§ Assignment
Would it be possible to reproduce every entry exactly, please?
[[ Dataset entries, beginning ]]
(* The data-local code is a shortened code of the local one.  In an MR local
   code any k of the k + h data and heavy symbols form an information set.
   Reorder these symbols so that the k' symbols of the first k'/r local groups
   come first, take them together with k - k' further symbols as information
   set, and keep only the codewords vanishing on those k - k' symbols.  A
   transversal of the local groups of the shortened code extends to one of the
   original code by picking the local parity of every remaining group, and the
   support of a codeword off the latter embeds into the support off the former,
   so the weight bound h + 1 carries over. *)

Lemma split_lshift m n (i : 'I_m) : split (lshift n i) = inl i.
Proof. exact: (unsplitK (inl i)). Qed.

Lemma split_rshift m n (j : 'I_n) : split (rshift m j) = inr j.
Proof. exact: (unsplitK (inr j)). Qed.

Lemma card_ord_prefix n p : (p <= n)%N -> #|[set i : 'I_n | (i < p)%N]| = p.
Proof.
move=> le_pn; have -> : [set i : 'I_n | (i < p)%N] = widen_ord le_pn @: setT.
  apply/setP=> i; rewrite !inE; apply/idP/imsetP => [lt_ip|[j _ ->]].
    by exists (Ordinal lt_ip) => //; apply: val_inj.
  by rewrite /= ltn_ord.
by rewrite card_imset ?cardsT ?card_ord // => a b /(congr1 val) /= /val_inj.
Qed.

Lemma exists_inj_onto_prefix n (X : {set 'I_n}) :
  exists2 pi : 'I_n -> 'I_n, injective pi & forall i, (pi i \in X) = (i < #|X|)%N.
Proof.
pose s := enum X ++ enum (~: X).
have size_s : size s = n by rewrite size_cat -!cardE cardsC card_ord.
have uniq_s : uniq s.
  rewrite cat_uniq !enum_uniq /= andbT; apply/hasPn => x.
  by rewrite !mem_enum inE => ->.
exists (fun i => nth i s i) => [a b eq_ab | i].
  apply/val_inj/eqP; rewrite -(nth_uniq a _ _ uniq_s) ?size_s ?ltn_ord //.
  by rewrite eq_ab (set_nth_default b a) // size_s ltn_ord.
rewrite nth_cat -cardE; case: ltnP => [lt_iX | le_Xi].
  by rewrite -mem_enum mem_nth // -cardE.
have : nth i (enum (~: X)) (i - #|X|) \in enum (~: X).
  rewrite mem_nth // -cardE; have := cardsC X; rewrite card_ord.
  by have := ltn_ord i; set c := #|~: X|; lia.
by rewrite mem_enum inE => /negbTE.
Qed.

Lemma card_partition_lt n g r (grp : 'I_n -> 'I_g) p :
  (p <= g)%N -> is_partition_r r grp -> #|[set a | (grp a < p)%N]| = (p * r)%N.
Proof.
move=> le_pg part.
rewrite -sum1_card (partition_big grp (fun j : 'I_g => (j < p)%N)); last first.
  by move=> a; rewrite inE.
rewrite (eq_bigr (fun _ => r)) => [|j lt_jp]; last first.
  rewrite sum1dep_card -(part j); apply: eq_card => a.
  by rewrite !inE; case: (grp a =P j) => [->|]; rewrite ?lt_jp ?andbF.
rewrite sum_nat_const -[in RHS](card_ord_prefix le_pg).
by congr (_ * _)%N; apply: eq_card => j; rewrite !inE.
Qed.

Section Codes.
Variable F : fieldType.

Definition punct_wt n g (e : 'I_g -> 'I_n) (w : 'rV[F]_n) : nat :=
  #|[set y | (y \notin codom e) && (w 0 y != 0)]|.

Lemma wt0 m : wt (0 : 'rV[F]_m) = 0%N.
Proof.
by apply/eqP; rewrite cards_eq0; apply/eqP/setP => i; rewrite !inE mxE eqxx.
Qed.

Lemma exists_low_wt_codeword k m (G : 'M[F]_(k.+1, m)) :
  exists2 u : 'rV_k.+1, u != 0 & (wt (u *m G) <= m - k)%N.
Proof.
have le_pm : (minn k m <= m)%N by rewrite geq_minr.
pose H := colsub (widen_ord le_pm) G.
have : kermx H != 0.
  rewrite -mxrank_eq0 mxrank_ker -lt0n; have := rank_leq_col H.
  by have := geq_minl k m; set q := minn k m; lia.
rewrite -nz_row_eq0; set u := nz_row _ => nz_u.
have uH : u *m H = 0 by apply/sub_kermxP; apply: nz_row_sub.
exists u => //; rewrite /wt.
have sub : [set i | (u *m G) 0 i != 0] \subset ~: [set i : 'I_m | (i < minn k m)%N].
  apply/subsetP => x; rewrite !inE; apply: contraNN => lt_x.
  have -> : x = widen_ord le_pm (Ordinal lt_x) by apply: val_inj.
  by move/rowP/(_ (Ordinal lt_x)): uH; rewrite mulmx_colsub !mxE => ->.
apply: (leq_trans (subset_leq_card sub)).
have := cardsC [set i : 'I_m | (i < minn k m)%N].
rewrite (card_ord_prefix le_pm) card_ord.
by set c := #|~: _|; lia.
Qed.

Lemma is_MDS_of_wt_lb k m (G : 'M[F]_(k, m)) :
  (forall u : 'rV_k, u != 0 -> (m - k + 1 <= wt (u *m G))%N) -> is_MDS G k.
Proof.
move=> wt_lb.
have nz_uG (u : 'rV_k) : u != 0 -> u *m G != 0.
  by move/wt_lb; apply: contraTneq => ->; rewrite wt0; lia.
have free_G : row_free G.
  by apply: inj_row_free => v /eqP; apply: contraTeq; apply: nz_uG.
split; first exact/eqP.
split=> [u uG_nz | ].
  by apply: wt_lb; apply: contraNneq uG_nz => ->; rewrite mul0mx.
case: k G wt_lb nz_uG {free_G} => [|k] G wt_lb nz_uG.
  by right; split; [move=> u; apply/rowP => i; rewrite !mxE big_ord0 | lia].
left; have [u nz_u le_wt] := exists_low_wt_codeword G.
exists u; split; first exact: nz_uG.
by apply/eqP; rewrite eqn_leq wt_lb // andbT; apply: leq_trans le_wt _; lia.
Qed.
[[ Dataset entries, end ]]
§ Exercise solution
(* The data-local code is a shortened code of the local one.  In an MR local
   code any k of the k + h data and heavy symbols form an information set.
   Reorder these symbols so that the k' symbols of the first k'/r local groups
   come first, take them together with k - k' further symbols as information
   set, and keep only the codewords vanishing on those k - k' symbols.  A
   transversal of the local groups of the shortened code extends to one of the
   original code by picking the local parity of every remaining group, and the
   support of a codeword off the latter embeds into the support off the former,
   so the weight bound h + 1 carries over. *)

Lemma split_lshift m n (i : 'I_m) : split (lshift n i) = inl i.
Proof. exact: (unsplitK (inl i)). Qed.

Lemma split_rshift m n (j : 'I_n) : split (rshift m j) = inr j.
Proof. exact: (unsplitK (inr j)). Qed.

Lemma card_ord_prefix n p : (p <= n)%N -> #|[set i : 'I_n | (i < p)%N]| = p.
Proof.
move=> le_pn; have -> : [set i : 'I_n | (i < p)%N] = widen_ord le_pn @: setT.
  apply/setP=> i; rewrite !inE; apply/idP/imsetP => [lt_ip|[j _ ->]].
    by exists (Ordinal lt_ip) => //; apply: val_inj.
  by rewrite /= ltn_ord.
by rewrite card_imset ?cardsT ?card_ord // => a b /(congr1 val) /= /val_inj.
Qed.

Lemma exists_inj_onto_prefix n (X : {set 'I_n}) :
  exists2 pi : 'I_n -> 'I_n, injective pi & forall i, (pi i \in X) = (i < #|X|)%N.
Proof.
pose s := enum X ++ enum (~: X).
have size_s : size s = n by rewrite size_cat -!cardE cardsC card_ord.
have uniq_s : uniq s.
  rewrite cat_uniq !enum_uniq /= andbT; apply/hasPn => x.
  by rewrite !mem_enum inE => ->.
exists (fun i => nth i s i) => [a b eq_ab | i].
  apply/val_inj/eqP; rewrite -(nth_uniq a _ _ uniq_s) ?size_s ?ltn_ord //.
  by rewrite eq_ab (set_nth_default b a) // size_s ltn_ord.
rewrite nth_cat -cardE; case: ltnP => [lt_iX | le_Xi].
  by rewrite -mem_enum mem_nth // -cardE.
have : nth i (enum (~: X)) (i - #|X|) \in enum (~: X).
  rewrite mem_nth // -cardE; have := cardsC X; rewrite card_ord.
  by have := ltn_ord i; set c := #|~: X|; lia.
by rewrite mem_enum inE => /negbTE.
Qed.

Lemma card_partition_lt n g r (grp : 'I_n -> 'I_g) p :
  (p <= g)%N -> is_partition_r r grp -> #|[set a | (grp a < p)%N]| = (p * r)%N.
Proof.
move=> le_pg part.
rewrite -sum1_card (partition_big grp (fun j : 'I_g => (j < p)%N)); last first.
  by move=> a; rewrite inE.
rewrite (eq_bigr (fun _ => r)) => [|j lt_jp]; last first.
  rewrite sum1dep_card -(part j); apply: eq_card => a.
  by rewrite !inE; case: (grp a =P j) => [->|]; rewrite ?lt_jp ?andbF.
rewrite sum_nat_const -[in RHS](card_ord_prefix le_pg).
by congr (_ * _)%N; apply: eq_card => j; rewrite !inE.
Qed.

Section Codes.
Variable F : fieldType.

Definition punct_wt n g (e : 'I_g -> 'I_n) (w : 'rV[F]_n) : nat :=
  #|[set y | (y \notin codom e) && (w 0 y != 0)]|.

Lemma wt0 m : wt (0 : 'rV[F]_m) = 0%N.
Proof.
by apply/eqP; rewrite cards_eq0; apply/eqP/setP => i; rewrite !inE mxE eqxx.
Qed.

Lemma exists_low_wt_codeword k m (G : 'M[F]_(k.+1, m)) :
  exists2 u : 'rV_k.+1, u != 0 & (wt (u *m G) <= m - k)%N.
Proof.
have le_pm : (minn k m <= m)%N by rewrite geq_minr.
pose H := colsub (widen_ord le_pm) G.
have : kermx H != 0.
  rewrite -mxrank_eq0 mxrank_ker -lt0n; have := rank_leq_col H.
  by have := geq_minl k m; set q := minn k m; lia.
rewrite -nz_row_eq0; set u := nz_row _ => nz_u.
have uH : u *m H = 0 by apply/sub_kermxP; apply: nz_row_sub.
exists u => //; rewrite /wt.
have sub : [set i | (u *m G) 0 i != 0] \subset ~: [set i : 'I_m | (i < minn k m)%N].
  apply/subsetP => x; rewrite !inE; apply: contraNN => lt_x.
  have -> : x = widen_ord le_pm (Ordinal lt_x) by apply: val_inj.
  by move/rowP/(_ (Ordinal lt_x)): uH; rewrite mulmx_colsub !mxE => ->.
apply: (leq_trans (subset_leq_card sub)).
have := cardsC [set i : 'I_m | (i < minn k m)%N].
rewrite (card_ord_prefix le_pm) card_ord.
by set c := #|~: _|; lia.
Qed.

Lemma is_MDS_of_wt_lb k m (G : 'M[F]_(k, m)) :
  (forall u : 'rV_k, u != 0 -> (m - k + 1 <= wt (u *m G))%N) -> is_MDS G k.
Proof.
move=> wt_lb.
have nz_uG (u : 'rV_k) : u != 0 -> u *m G != 0.
  by move/wt_lb; apply: contraTneq => ->; rewrite wt0; lia.
have free_G : row_free G.
  by apply: inj_row_free => v /eqP; apply: contraTeq; apply: nz_uG.
split; first exact/eqP.
split=> [u uG_nz | ].
  by apply: wt_lb; apply: contraNneq uG_nz => ->; rewrite mul0mx.
case: k G wt_lb nz_uG {free_G} => [|k] G wt_lb nz_uG.
  by right; split; [move=> u; apply/rowP => i; rewrite !mxE big_ord0 | lia].
left; have [u nz_u le_wt] := exists_low_wt_codeword G.
exists u; split; first exact: nz_uG.
by apply/eqP; rewrite eqn_leq wt_lb // andbT; apply: leq_trans le_wt _; lia.
Qed.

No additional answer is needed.